■2019年行政書士試験・憲法第2問

行政書士合格講座2019年行政書士試験の問題解説>2019年行政書士試験・憲法第2問

このサイトについて・プライバシーポリシー 憲法学の窓・公務員試験対策室 Site Map

■法の下の平等(2019−4)

家族・婚姻に関する次の記述のうち、最高裁判所の判例に照らし、妥当なものはどれか。

1) 嫡出でない子の法定相続分を嫡出子の2分の1とする民法の規定は、当該規定が補充的に機能する規定であることから本来は立法裁量が広く認められる事柄であるが、法律婚の保護という立法目的に照らすと著しく不合理であり、憲法に違反する。

2) 国籍法が血統主義を採用することには合理性があるが、日本国民との法律上の親子関係の存否に加え、日本との密接な結びつきの指標として一定の要件を設け、これを満たす場合に限り出生後の国籍取得を認めるとする立法目的には、合理的な根拠がないため不合理な差別に当たる。

3) 出生届に嫡出子または嫡出でない子の別を記載すべきものとする戸籍法の規定は、嫡出でない子について嫡出子との関係で不合理な差別的取扱いを定めたものであり、憲法に違反する。

4) 厳密に父性の推定が重複することを回避するための期間(100日)を超えて女性の再婚を禁止する民法の規定は、婚姻および家族に関する事項について国会に認められる合理的な立法裁量の範囲を超え、憲法に違反するに至った。

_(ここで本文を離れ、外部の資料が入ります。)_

(* Under the standing assumptions, if $0\le a\le 1/4$ then $z(\theta)$ is negative and strictly increasing on $(\pi/2,\pi)$.
   Context: Standing assumptions: $a,b\in\mathbb{R}$ with $b>0$, $1+a+b>0$, $9-27a+b>0$, $2-8a+8a^2+ab\ne0$, $b+1-a\ne0$. Let $f^*(\zeta,\theta)=(\zeta+2\cos\theta)(2\zeta\cos\theta+1)+b\zeta-a(\zeta+2\cos\theta)^3$. Under these assumptions, for each $\theta\in(\pi/2,\pi)$ the polynomial $f^*(\cdot,\theta)$ has exactly one real zero in $(-1,1)$; denote it $w(\theta)$ (so $\zeta(\theta)=1/w(\theta)$). Define $\tau(\theta)=-w(\theta)-2\cos\theta$ and $z(\theta)=-\dfrac{w(\theta)}{\tau(\theta)^3}$ (i.e. $z=-1/(\zeta\tau^3)$). *)

From Stdlib Require Import Reals Lra.
Open Scope R_scope.

Definition fstar (a b zeta theta : R) : R :=
  (zeta + 2 * cos theta) * (2 * zeta * cos theta + 1) + b * zeta
  - a * (zeta + 2 * cos theta) ^ 3.

Definition standing (a b : R) : Prop :=
  b > 0 /\ 1 + a + b > 0 /\ 9 - 27 * a + b > 0 /\
  2 - 8 * a + 8 * a ^ 2 + a * b <> 0 /\ b + 1 - a <> 0.

Definition is_w (a b : R) (w : R -> R) : Prop :=
  forall theta, PI / 2 < theta < PI ->
    -1 < w theta < 1 /\ fstar a b (w theta) theta = 0.

Definition tau (w : R -> R) (theta : R) : R := - w theta - 2 * cos theta.

Definition zfun (w : R -> R) (theta : R) : R := - w theta / (tau w theta) ^ 3.

From Stdlib Require Import Reals Lra Psatz.
Open Scope R_scope.

(* In the variables [S = -2 cos theta] and [t = tau], so that [w = S - t],
   the equation [f*(w, theta) = 0] becomes [h(S, t) = 0] for a cubic [h].
   For [0 <= a <= 1/4] the sign of [h] forces [0 < w] and [0 < t], hence
   [z < 0], and a difference identity for [h] shows that [t] increases
   with [S], i.e. with [theta].  Writing [w = p t^3], the equation becomes
   [g(t, p) = 0] with [g] increasing in both variables, so [p = -z]
   decreases as [t] increases. *)

Definition h_st (a b S t : R) : R :=
  t * S ^ 2 - t ^ 2 * S + b * S - (1 + b) * t + a * t ^ 3.

Lemma fstar_h_st a b w th :
  fstar a b w th = h_st a b (-2 * cos th) (- w - 2 * cos th).
Proof. unfold fstar, h_st; ring. Qed.

Lemma h_st_pos_of_tau_nonpos a b S t : 0 < b -> 0 <= a <= 1 ->
  0 < S -> t <= 0 -> S - t < 1 -> 0 < h_st a b S t.
Proof.
  intros Hb Ha HS Ht Hw; unfold h_st.
  set (m := - t); assert (Hm : 0 <= m) by (unfold m; lra).
  replace t with (- m) by (unfold m; ring).
  (* [h = m (1 - S^2 - m S - a m^2) + b (S + m)] and [S^2 + m S + a m^2 <= (S + m)^2 < 1] *)
  assert (Hsq : S ^ 2 + m * S + a * m ^ 2 < 1).
  { assert (a * m ^ 2 <= m ^ 2) by nra.
    assert ((S + m) ^ 2 < 1) by (unfold m in *; nra).
    nra. }
  assert (0 <= m * (1 - S ^ 2 - m * S - a * m ^ 2)) by nra.
  assert (0 < b * (S + m)) by nra.
  nra.
Qed.

Lemma h_st_neg_of_w_nonpos a b S t : 0 <= b -> 0 <= a <= 1 / 4 ->
  0 < S < 2 -> S - t <= 0 -> -1 < S - t -> h_st a b S t < 0.
Proof.
  intros Hb Ha HS Hw Hw1; unfold h_st.
  set (m := t - S); assert (Hm : 0 <= m < 1) by (unfold m; lra).
  replace t with (S + m) by (unfold m; ring).
  (* [h = -m t S - b m - t + a t^3], and [t^2 / 4 < 1 + m S] is [|S - m| < 2] *)
  assert (0 <= (S + m) ^ 3) by (apply pow_le; lra).
  assert (a * (S + m) ^ 3 <= (S + m) ^ 3 / 4) by nra.
  assert ((S + m) ^ 3 / 4 < (S + m) * (1 + m * S)) by nra.
  nra.
Qed.

Lemma h_st_root_pos a b S t : 0 < b -> 0 <= a <= 1 / 4 -> 0 < S < 2 ->
  -1 < S - t < 1 -> h_st a b S t = 0 -> 0 < S - t /\ 0 < t.
Proof.
  intros Hb Ha HS Hw E.
  destruct (Rle_lt_dec t 0) as [Ht | Ht].
  { pose proof (h_st_pos_of_tau_nonpos a b S t); lra. }
  destruct (Rle_lt_dec (S - t) 0) as [Hw0 | Hw0].
  { pose proof (h_st_neg_of_w_nonpos a b S t); lra. }
  split; assumption.
Qed.

Lemma h_st_sub a b S1 S2 t1 t2 :
  h_st a b S2 t2 - h_st a b S1 t1 =
  (t2 - t1) * (S2 ^ 2 - (t1 + t2) * S2 - (1 + b) + a * (t1 ^ 2 + t1 * t2 + t2 ^ 2))
  + (S2 - S1) * (t1 * (S1 + S2 - t1) + b).
Proof. unfold h_st; ring. Qed.

Lemma h_st_cross_neg a b S t1 t2 : 0 <= b -> 0 <= a <= 1 / 3 ->
  0 < S - t1 -> t2 <= t1 -> S - t2 < 1 ->
  S ^ 2 - (t1 + t2) * S - (1 + b) + a * (t1 ^ 2 + t1 * t2 + t2 ^ 2) < 0.
Proof.
  intros Hb Ha HA Ht HB.
  set (A := S - t1); set (B := S - t2).
  assert (Hid : S ^ 2 - (t1 + t2) * S + (t1 ^ 2 + t1 * t2 + t2 ^ 2) / 3
                = (A * A + A * B + B * B) / 3) by (unfold A, B; field).
  assert (A * A + A * B + B * B < 3) by (unfold A, B in *; nra).
  assert (0 <= t1 ^ 2 + t1 * t2 + t2 ^ 2) by nra.
  assert (a * (t1 ^ 2 + t1 * t2 + t2 ^ 2) <= (t1 ^ 2 + t1 * t2 + t2 ^ 2) / 3) by nra.
  lra.
Qed.

Lemma h_st_root_lt a b S1 S2 t1 t2 : 0 < b -> 0 <= a <= 1 / 3 ->
  0 < t1 -> 0 < S1 - t1 -> S2 - t2 < 1 ->
  h_st a b S1 t1 = 0 -> h_st a b S2 t2 = 0 -> S1 < S2 -> t1 < t2.
Proof.
  intros Hb Ha Ht1 Hw1 Hw2 E1 E2 HS.
  destruct (Rlt_le_dec t1 t2) as [| Hle]; [assumption | exfalso].
  pose proof (h_st_sub a b S1 S2 t1 t2) as D; rewrite E1, E2 in D.
  pose proof (h_st_cross_neg a b S2 t1 t2) as Q.
  assert (0 < t1 * (S1 + S2 - t1) + b) by nra.
  nra.
Qed.

Definition g_tp (a b t p : R) : R :=
  p ^ 2 * t ^ 6 + p * t ^ 4 + (b * p + a) * t ^ 2 - 1.

Lemma h_st_g_tp a b t p : h_st a b (t + p * t ^ 3) t = t * g_tp a b t p.
Proof. unfold h_st, g_tp; ring. Qed.

Lemma pow_lt_compat x y n : 0 < x < y -> 0 < x ^ S n < y ^ S n.
Proof.
  intros Hxy; split; [apply pow_lt; lra |].
  induction n as [| n IH]; [simpl; lra |].
  change (x * x ^ S n < y * y ^ S n).
  apply Rmult_le_0_lt_compat; try lra; apply pow_le; lra.
Qed.

Lemma g_tp_lt a b t1 t2 p1 p2 : 0 <= b -> 0 <= a ->
  0 < t1 < t2 -> 0 < p1 <= p2 -> g_tp a b t1 p1 < g_tp a b t2 p2.
Proof.
  intros Hb Ha Ht Hp; unfold g_tp.
  pose proof (pow_lt_compat t1 t2 1 Ht) as T2.
  pose proof (pow_lt_compat t1 t2 3 Ht) as T4.
  pose proof (pow_lt_compat t1 t2 5 Ht) as T6.
  assert (P2 : 0 < p1 ^ 2 <= p2 ^ 2) by (split; nra).
  assert (p1 ^ 2 * t1 ^ 6 < p2 ^ 2 * t2 ^ 6) by nra.
  assert (p1 * t1 ^ 4 < p2 * t2 ^ 4) by nra.
  assert (0 <= b * p1 + a <= b * p2 + a) by (split; nra).
  assert ((b * p1 + a) * t1 ^ 2 <= (b * p2 + a) * t2 ^ 2)
    by (apply Rmult_le_compat; lra).
  lra.
Qed.

Lemma g_tp_root_anti a b t1 t2 p1 p2 : 0 <= b -> 0 <= a ->
  0 < t1 < t2 -> 0 < p1 ->
  g_tp a b t1 p1 = 0 -> g_tp a b t2 p2 = 0 -> p2 < p1.
Proof.
  intros Hb Ha Ht Hp E1 E2.
  destruct (Rlt_le_dec p2 p1) as [| Hle]; [assumption | exfalso].
  pose proof (g_tp_lt a b t1 t2 p1 p2); lra.
Qed.

Lemma cos_open_second_quadrant th : PI / 2 < th < PI -> -1 < cos th < 0.
Proof.
  intros Hth; pose proof PI_RGT_0.
  split.
  - rewrite <- cos_PI; apply cos_decreasing_1; lra.
  - apply cos_lt_0; lra.
Qed.

Section Branch.

Variables (a b : R) (w : R -> R).
Hypotheses (Hb : 0 < b) (Ha : 0 <= a <= 1 / 4) (Hw : is_w a b w).

Lemma branch_h_st_root th : PI / 2 < th < PI ->
  h_st a b (-2 * cos th) (tau w th) = 0.
Proof. intros Hth; unfold tau; rewrite <- fstar_h_st; apply Hw, Hth. Qed.

Lemma branch_w_tau_pos th : PI / 2 < th < PI -> 0 < w th /\ 0 < tau w th.
Proof.
  intros Hth.
  pose proof (cos_open_second_quadrant th Hth).
  destruct (Hw th Hth) as [Hw1 _].
  replace (w th) with (-2 * cos th - tau w th) by (unfold tau; ring).
  apply (h_st_root_pos a b); [lra | lra | lra | unfold tau in *; lra |].
  apply branch_h_st_root, Hth.
Qed.

Lemma branch_tau_increasing t1 t2 : PI / 2 < t1 -> t1 < t2 -> t2 < PI ->
  tau w t1 < tau w t2.
Proof.
  intros H1 H12 H2; pose proof PI_RGT_0.
  destruct (branch_w_tau_pos t1) as [Hw1 Ht1]; [lra |].
  destruct (Hw t2) as [Hw2 _]; [lra |].
  assert (cos t2 < cos t1) by (apply cos_decreasing_1; lra).
  apply (h_st_root_lt a b (-2 * cos t1) (-2 * cos t2)); unfold tau in *; try lra.
  - apply (branch_h_st_root t1); lra.
  - apply (branch_h_st_root t2); lra.
Qed.

Lemma branch_g_tp_root th : PI / 2 < th < PI ->
  g_tp a b (tau w th) (- zfun w th) = 0.
Proof.
  intros Hth; destruct (branch_w_tau_pos th Hth) as [_ Ht].
  apply (Rmult_eq_reg_l (tau w th)); [| lra].
  rewrite <- h_st_g_tp, Rmult_0_r, <- (branch_h_st_root th Hth).
  f_equal; unfold zfun, tau in *; field; lra.
Qed.

Lemma branch_zfun_neg th : PI / 2 < th < PI -> zfun w th < 0.
Proof.
  intros Hth; destruct (branch_w_tau_pos th Hth).
  unfold zfun, Rdiv.
  assert (0 < / tau w th ^ 3) by (apply Rinv_0_lt_compat, pow_lt; lra).
  nra.
Qed.

End Branch.

Theorem mainTheorem15 (a b : R) (w : R -> R) :
  standing a b ->
  is_w a b w ->
  0 <= a <= 1 / 4 ->
  (forall theta, PI / 2 < theta < PI -> zfun w theta < 0) /\
  (forall t1 t2, PI / 2 < t1 -> t1 < t2 -> t2 < PI -> zfun w t1 < zfun w t2).
Proof.
  intros [Hb _] Hw Ha.
  pose proof (branch_zfun_neg a b w Hb Ha Hw) as Hz.
  split; [exact Hz |].
  intros t1 t2 H1 H12 H2.
  assert (- zfun w t2 < - zfun w t1); [| lra].
  pose proof (branch_w_tau_pos a b w Hb Ha Hw t1 ltac:(lra)).
  pose proof (Hz t1 ltac:(lra)).
  apply (g_tp_root_anti a b (tau w t1) (tau w t2)); try lra.
  - pose proof (branch_tau_increasing a b w Hb Ha Hw t1 t2 H1 H12 H2); lra.
  - apply branch_g_tp_root; auto; lra.
  - apply branch_g_tp_root; auto; lra.
Qed.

5) 夫婦となろうとする者の間の個々の協議の結果として夫の氏を選択する夫婦が圧倒的多数を占める状況は実質的に法の下の平等に違反する状態といいうるが、婚姻前の氏の通称使用が広く定着していることからすると、直ちに違憲とまではいえない。

■解説

【難易度】やや難しい。

1) 誤り。民法900条4号但書前段の合理性は、個人の尊厳と法の下の平等に照らし、非嫡出子の権利が不当に侵害されているかどうか観点から判断されるべきとし、法律婚の定着という事実はこの法律問題の結論に直ちに結びつかないとしたのが判例である。そして最高裁は、平成13年7月段階で民法900条4号但書の合理性は失われていたとし、憲法14条1項に反するとした(最大判平成25年9月4日)。民法900条4号但書前段はこの判決を受けて、同年12月の改正で削除となった。なお法律婚の強調はむしろ民法900条4号但書前段を合憲とすることになろう(旧判例〔最大決平成7年7月5日〕)。芦部信喜(高橋和之補訂)『憲法』第5版(2011年、有斐閣)136頁、佐藤幸治『日本国憲法論』(2011年、成文堂)211頁。

2) 誤り。判例はここで言う立法目的自体の合理性は肯定している(最大判平成20年6月4日)。前掲芦部137頁、佐藤107−108頁。

3) 誤り。判例は、法律婚主義と戸籍事務処理上の便宜という点を理由に、ここで言う戸籍法の規定(49条2項1号)の合理性を肯定した(最判平成25年9月26日)。

4) 正しい。最大判平成27年12月16日。この判決にそうべく判決の翌年民法733条は改正された。

5) 誤り。民法750条は、文言上性別に基づく法的な差別取扱を規定している訳でなく、「個々の協議の結果として夫の氏を選択する夫婦が圧倒的多数を占める状況」が認められるとしても、それは同条の規定のあり方自体から生じたわけではないとして、民法750条は憲法14条1項に反しないとしたのが判例である(最大判平成27年12月16日)。